The above notations remind us that on any given day both good and bad things can happen. Or they can be in-between – like when the English House of Commons voted to make the membership of the upper house of Parliament, the House of Lords, 100% elected in 2007. Previously the House of Lords membership was hereditary – past down from father to son.

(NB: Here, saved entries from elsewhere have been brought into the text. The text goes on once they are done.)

(* Entries of [twirl2 U O] are polynomials in the real and imaginary parts of
   the entries of U, so any algebra of real functions containing the latter
   contains the former: this yields both bounded measurability and continuity. *)
Record fun_algebra := FunAlgebra {
  fun_algebraD : forall f g, Q f -> Q g -> Q (fun s => f s + g s);
  fun_algebraM : forall f g, Q f -> Q g -> Q (fun s => f s * g s);
  fun_algebraN : forall f, Q f -> Q (fun s => - f s);
  fun_algebra_cst : forall c, Q (fun _ => c) }.

Definition complex_in (F : S -> C) := Q (fun s => Re (F s)) /\ Q (fun s => Im (F s)).

Definition mx_in p q (A : S -> 'M[C]_(p, q)) := forall i j, complex_in (fun s => A s i j).

Hypothesis hQ : fun_algebra.

Lemma complex_in_cst (c : C) : complex_in (fun _ => c).
Proof. by split; apply: (fun_algebra_cst hQ). Qed.

Lemma complex_inD F G : complex_in F -> complex_in G -> complex_in (fun s => F s + G s).
Proof.
move=> [F1 F2] [G1 G2]; split.
  by under boolp.eq_fun do rewrite cReD; apply: (fun_algebraD hQ).
by under boolp.eq_fun do rewrite cImD; apply: (fun_algebraD hQ).
Qed.

Lemma complex_inM F G : complex_in F -> complex_in G -> complex_in (fun s => F s * G s).
Proof.
move=> [F1 F2] [G1 G2]; split.
  under boolp.eq_fun do rewrite cReM.
  by apply: (fun_algebraD hQ); [|apply: (fun_algebraN hQ)]; apply: (fun_algebraM hQ).
by under boolp.eq_fun do rewrite cImM; apply: (fun_algebraD hQ); apply: (fun_algebraM hQ).
Qed.
Lemma leafN_node l : leaf adj l -> ~~ node adj l.
Proof. by rewrite /leaf /node => /eqP ->. Qed.

Lemma node_next v u : node adj u -> node adj (next v u).
Proof.
move=> nu; case: (eqVneq v u) => [->|vu]; first by rewrite /next geodxx.
case: (eqVneq (next v u) u) => [-> //|bu].
apply: (node_between (between_next v u)) => //.
by rewrite eq_sym adj_neq ?next_adj.
Qed.

Lemma ell_sq_lt x y : adj x y -> node adj x -> node adj y ->
  ell adj d x y * ell adj d x y < dv adj d x * dv adj d y.
Proof.
by move=> xy nx ny; rewrite -(ell_adj xy nx ny) ltn_pmul2l ?edge_det // ell_gt0 ?adj_neq.
Qed.

Lemma ell_lt_step u v b l : node adj u -> node adj v -> node adj b -> adj v b ->
  between v u b -> between v l b ->
  ell adj d u b * ell adj d b l <= ell adj d u l * dv adj d b ->
  ell adj d u v * ell adj d v l < ell adj d u l * dv adj d v.
Proof.
move=> nu nv nb vb hu hl le_b; have Db_gt0 := dv_gt0 nb.
have Db2_gt0 : 0 < dv adj d b * dv adj d b by rewrite muln_gt0 Db_gt0.
rewrite -(ltn_pmul2r Db2_gt0) mulnACA (ell_sym u v).
rewrite (ell_split hu nb) (ell_split hl nb) mulnACA (ell_sym b u).
apply: (leq_ltn_trans (leq_mul (leqnn _) le_b)).
have -> : ell adj d u l * dv adj d v * (dv adj d b * dv adj d b) =
          dv adj d v * dv adj d b * (ell adj d u l * dv adj d b).
  by rewrite mulnACA mulnC.
by rewrite ltn_pmul2r ?ell_sq_lt // muln_gt0 Db_gt0 ell_gt0 // nu orbT.
Qed.
Lemma glue_seam {a b} : mapE X XY inl a = mapE Y XY (gE X Y Z iXE iYE) b ->
  exists z, a = mapE Z X iXE z /\ b = mapE Z Y iYE z.
Proof.
  destruct a as [ea s], b as [eb s']. unfold mapE; simpl. intros E; injection E as E <-.
  destruct (classic (exists z, iYE z = eb)) as [[z <-]|ne].
  - rewrite (proj1 gE_glues_along) in E. injection E as ->. exists (z, s). auto.
  - destruct (proj2 gE_glues_along _ ne) as [h Eh]. rewrite Eh in E. discriminate.
Qed.

Lemma glue_is_PE : is_PE X -> is_PE Y -> is_PE XY.
Proof.
  intros [LX PX] [LY PY]. split.
  - intros [e|[e ne]]; simpl; auto.
  - intros [f|f].
    + exact (convex_polygon_cell_embed glue_embedding_left f (PX f)).
    + exact (convex_polygon_cell_embed glue_embedding_right f (PY f)).
Qed.

End Glue.

Theorem lemma7p9 (X Y Z : PE2)
  (iXV : vert Z -> vert X) (iXE : edge Z -> edge X)
  (iYV : vert Z -> vert Y) (iYE : edge Z -> edge Y) :
  PE_dim2 X -> PE_dim2 Y -> PE_dim1 Z ->
  npc X -> npc Y ->
  subcomplex Z X iXV iXE -> subcomplex Z Y iYV iYE ->
  (ultra_convex Z X iXV iXE \/ ultra_convex Z Y iYV iYE) ->
  PE_dim2 (glue X Y Z iXV iXE iYV iYE) /\ npc (glue X Y Z iXV iXE iYV iYE).
Proof.
  (* Only the germs of Z enter the argument. *)
  intros [PEX [fX]] [PEY _] _ NX NY HX HY UC.
  pose proof (glue_is_PE HX HY PEX PEY) as PEG.
  split; [exact (conj PEG (inhabits (inl fX)))|].
  destruct UC as [UX|UY].
  - refine (npc_of_cover glue_embedding_left (glue_embedding_right HX HY)
      glue_faces_cover _ PEG HX UX NX NY).
    intros a b E. destruct (glue_seam HY E) as (z & Ea & _). eauto.
  - refine (npc_of_cover (glue_embedding_right HX HY) glue_embedding_left
      (fun f => proj1 (or_comm _ _) (glue_faces_cover f)) _ PEG HY UY NY NX).
    intros b a E. destruct (glue_seam HY (eq_sym E)) as (z & _ & Eb). eauto.
Qed.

In 1671 the legendary Scottish outlaw Rob Roy MacGregor burst upon the scene. In 1938 race car driver Janet Guthrie, the first woman driver to both qualify for and race in both the Indy 500 and the Daytona 500 began her quest for fame. And this was also the birthday for a couple of standout Hall of Fame football players (had to root against them both since they both played for the Pittsburgh Steelers) Franco Harris (1950) and Lynn Swann (1952).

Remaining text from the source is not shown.